* [INSTRUCTIONS FOR THE TASK] Go through the records below and copy out every line holding "mulmxN".

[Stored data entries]
··········
Lemma Jmx_tr : J^T = - J.
Proof.
by rewrite /Jmx tr_block_mx !trmx0 linearN /= trmx_antid opp_block_mx !oppr0 opprK.
Qed.

Lemma JmxE : J = \matrix_(i, j)
  if (i + j == (n + n).-1)%N then (if (i < n)%N then 1 else -1) else 0.
Proof.
apply/matrixP => i j; have := ltn_ord i; have := ltn_ord j.
rewrite /Jmx; case: (split_ordP i) => i' ->; case: (split_ordP j) => j' ->.
all: rewrite ?block_mxEul ?block_mxEur ?block_mxEdl ?block_mxEdr !mxE /=.
all: have := ltn_ord i'; have := ltn_ord j'.
all: do 2?case: eqP; try case: ifP; rewrite ?oppr0 // => *; exfalso; lia.
Qed.

Lemma Jmx_unit : J \in unitmx.
Proof.
have : J *m - J = 1 by rewrite mulmxN Jmx_sqr opprK.
by case/mulmx1_unit.
Qed.

Lemma inSp_trmx (g : 'M[F]_(n + n)) : inSp g <-> g *m J *m g^T = J.
Proof.
suff swap (X Y : 'M[F]_(n + n)) : X *m J *m Y = J -> Y *m J *m X = J.
  by split; apply: swap.
move=> XJY; have : X *m (J *m Y *m - J) = 1 by rewrite !mulmxA XJY mulmxN Jmx_sqr opprK.
move/mulmx1C => /(congr1 (mulmx J)).
by rewrite !mulmxA mulmxN Jmx_sqr !mulNmx mul1mx opprK mulmx1.
Qed.

Lemma inSp1 : inSp (1%:M : 'M[F]_(n + n)).
Proof. by rewrite /inSp trmx1 mul1mx mulmx1. Qed.

Lemma inSp_mul (g h : 'M[F]_(n + n)) : inSp g -> inSp h -> inSp (g *m h).
Proof.
by rewrite /inSp trmx_mul => Sg Sh; rewrite !mulmxA -(mulmxA _ g^T) -(mulmxA _ (g^T *m _)) Sg.
Qed.

Lemma inSp_unit (g : 'M[F]_(n + n)) : inSp g -> g \in unitmx.
Proof.
move=> Sg; have : g^T *m (J *m g *m - J) = 1 by rewrite !mulmxA Sg mulmxN Jmx_sqr opprK.
by case/mulmx1_unit => _; rewrite !unitmx_mul => /andP[/andP[]].
Qed.

Lemma inSp_inv (g : 'M[F]_(n + n)) : inSp g -> inSp (invmx g).
Proof.
move=> Sg; have Ug := inSp_unit Sg.
rewrite /inSp -{1}Sg !mulmxA -trmx_mul mulmxV // trmx1 mul1mx.
by rewrite -mulmxA mulmxV // mulmx1.
Qed.

End Symplectic.

Section SymplecticForm.
Variables (F : fieldType) (n : nat).
Local Notation J := (Jmx F n).

Lemma mxrank_mul_unit_tr k (Q : 'M[F]_(k, n + n)) : \rank (J *m Q^T) = \rank Q.
Proof.
by rewrite -mxrank_tr trmx_mul trmxK mxrankMfree // row_free_unit unitmx_tr Jmx_unit.
Qed.

Lemma mxrank_orthogonal k l (N : 'M[F]_(k, n + n)) (Q : 'M[F]_(l, n + n)) :
  N *m J *m Q^T = 0 -> (\rank N + \rank Q <= n + n)%N.
Proof.
move=> NQ; have : (N <= kermx (J *m Q^T))%MS by apply/sub_kermxP; rewrite mulmxA.
move/mxrankS; rewrite mxrank_ker mxrank_mul_unit_tr.
by have := rank_leq_col Q; lia.
Qed.

Definition sform (u v : 'rV[F]_(n + n)) : F := (u *m J *m v^T) 0 0.

Lemma sformC u v : sform u v = - sform v u.
Proof.
rewrite /sform; have -> : (u *m J *m v^T) 0 0 = (u *m J *m v^T)^T 0 0 by rewrite [RHS]mxE.
rewrite !trmx_mul trmxK Jmx_tr.
by rewrite mulNmx mulmxN [LHS]mxE mulmxA.
Qed.

Lemma sformDZl a u v w : sform (a *: u + v) w = a * sform u w + sform v w.
Proof. by rewrite /sform !mulmxDl -!scalemxAl !mxE. Qed.

Lemma sform_gram k l (N : 'M[F]_(k, n + n)) (Q : 'M[F]_(l, n + n)) i j :
  (N *m J *m Q^T) i j = sform (row i N) (row j Q).
Proof.
rewrite /sform !mxE; apply: eq_bigr => a _; rewrite !mxE; congr (_ * _).
by apply: eq_bigr => b _; rewrite !mxE.
Qed.

End SymplecticForm.

(* Entries addressed by natural numbers: after [case_ord], [rewrite entryE]
   puts every entry of a concrete small matrix in a normal form that [ring]
   can treat as an atom. *)
Definition entry (R : Type) m n (M : 'M[R]_(m.+1, n.+1)) (i j : nat) : R :=
  M (inord i) (inord j).
Arguments entry : simpl never.

Lemma entryE (R : Type) m n (M : 'M[R]_(m.+1, n.+1)) i j : M i j = entry M i j.
Proof. by rewrite /entry !inord_val. Qed.

Ltac case_ord i := case: i => [[|[|[|[|[|[|[|?]]]]]]] ?] //.
Ltac expand_mx := repeat progress rewrite ?mxE ?big_ord_recr ?big_ord0 /=.
Ltac mx_norm := rewrite /= ?mxE /= ?div0n ?divnn /= ?inordK //= ?mxE /= -?val_eqE /=
  ?inordK //= ?entryE /= ?modn_small ?inordK //= ?(mul0r, mulr0, mul1r, mulr1, add0r, addr0).
Ltac mx_entry E := move: E; expand_mx; mx_norm.
Ltac mx_compute := let i := fresh "i" in let j := fresh "j" in
  apply/matrixP => i j; rewrite ?JmxE; expand_mx; case_ord i; case_ord j; mx_norm;
  try ring.

Section Sp4Basis.
Variable F : fieldType.

Lemma sform_alt (v : 'rV[F]_(2 + 2)) : sform v v = 0.
Proof. by rewrite /sform JmxE; expand_mx; rewrite ?entryE /=; ring. Qed.

Definition rows4 (r0 r1 r2 r3 : 'rV[F]_(2 + 2)) : 'M[F]_(2 + 2) :=
  \matrix_(i < 2 + 2) if (i == 0%N :> nat) then r0 else if (i == 1%N :> nat) then r1
                      else if (i == 2%N :> nat) then r2 else r3.

(* Symplectic Gram-Schmidt: any [u] with [<u, r3> = 1] becomes orthogonal to
   [r1] and [r2] after adding suitable multiples of [r2] and [r1]. *)
Lemma Sp4_extend_basis (r1 r2 r3 : 'rV[F]_(2 + 2)) : r3 != 0 ->
  sform r1 r2 = 1 -> sform r1 r3 = 0 -> sform r2 r3 = 0 ->
  exists r0, inSp (rows4 r0 r1 r2 r3).
Proof.
move=> nz3 s12 s13 s23.
have full3 : row_full (Jmx F 2 *m r3^T) by rewrite /row_full mxrank_mul_unit_tr rank_rV nz3.
pose u := (1%:M : 'M[F]_1) *m pinvmx (Jmx F 2 *m r3^T).
have su3 : sform u r3 = 1 by rewrite /sform -mulmxA mulmxKpV ?submx_full // mxE.
pose r0 := sform u r1 *: r2 + (- sform u r2 *: r1 + u).
have s01 : sform r0 r1 = 0 by rewrite !sformDZl sform_alt (sformC r2) s12; ring.
have s02 : sform r0 r2 = 0 by rewrite !sformDZl sform_alt s12; ring.
have s03 : sform r0 r3 = 1 by rewrite !sformDZl s23 s13 su3; ring.
exists r0; apply/inSp_trmx/matrixP => i j.
rewrite sform_gram !rowK JmxE mxE.
case_ord i; case_ord j; rewrite /= ?sform_alt //.
all: rewrite ?(sformC r1 r0) ?(sformC r2 r0) ?(sformC r3 r0) ?(sformC r2 r1)
  ?(sformC r3 r1) ?(sformC r3 r2) ?s01 ?s02 ?s03 ?s12 ?s13 ?s23 ?oppr0 //.
Qed.

Lemma Sp4_extend_isotropic (B : 'M[F]_(2, 2 + 2)) :
  row_free B -> B *m Jmx F 2 *m B^T = 0 ->
  exists r0 r1, inSp (rows4 r0 r1 (row 0 B) (row 1 B)).
Proof.
move=> freeB isoB.
have fullB : row_full (Jmx F 2 *m B^T) by rewrite /row_full mxrank_mul_unit_tr.
pose u : 'rV[F]_(2 + 2) := delta_mx 0 0 *m pinvmx (Jmx F 2 *m B^T).
have uB : u *m Jmx F 2 *m B^T = delta_mx 0 0 by rewrite -mulmxA mulmxKpV ?submx_full.
have su0 : sform u (row 0 B) = 1 by rewrite -(row_id 0 u) -sform_gram uB mxE.
have su1 : sform u (row 1 B) = 0 by rewrite -(row_id 0 u) -sform_gram uB mxE.
have sB : sform (row 0 B) (row 1 B) = 0 by rewrite -sform_gram isoB mxE.
have B1 : row 1 B != 0 by rewrite rowE mulmx_free_eq0 // -mxrank_eq0 mxrank_delta.
have [r0 Sr0] := Sp4_extend_basis B1 su0 su1 sB.
by exists r0, u.
Qed.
··········
* [COMPLETED TASK]
have : J *m - J = 1 by rewrite mulmxN Jmx_sqr opprK.
move=> XJY; have : X *m (J *m Y *m - J) = 1 by rewrite !mulmxA XJY mulmxN Jmx_sqr opprK.
by rewrite !mulmxA mulmxN Jmx_sqr !mulNmx mul1mx opprK mulmx1.
move=> Sg; have : g^T *m (J *m g *m - J) = 1 by rewrite !mulmxA Sg mulmxN Jmx_sqr opprK.
by rewrite mulNmx mulmxN [LHS]mxE mulmxA.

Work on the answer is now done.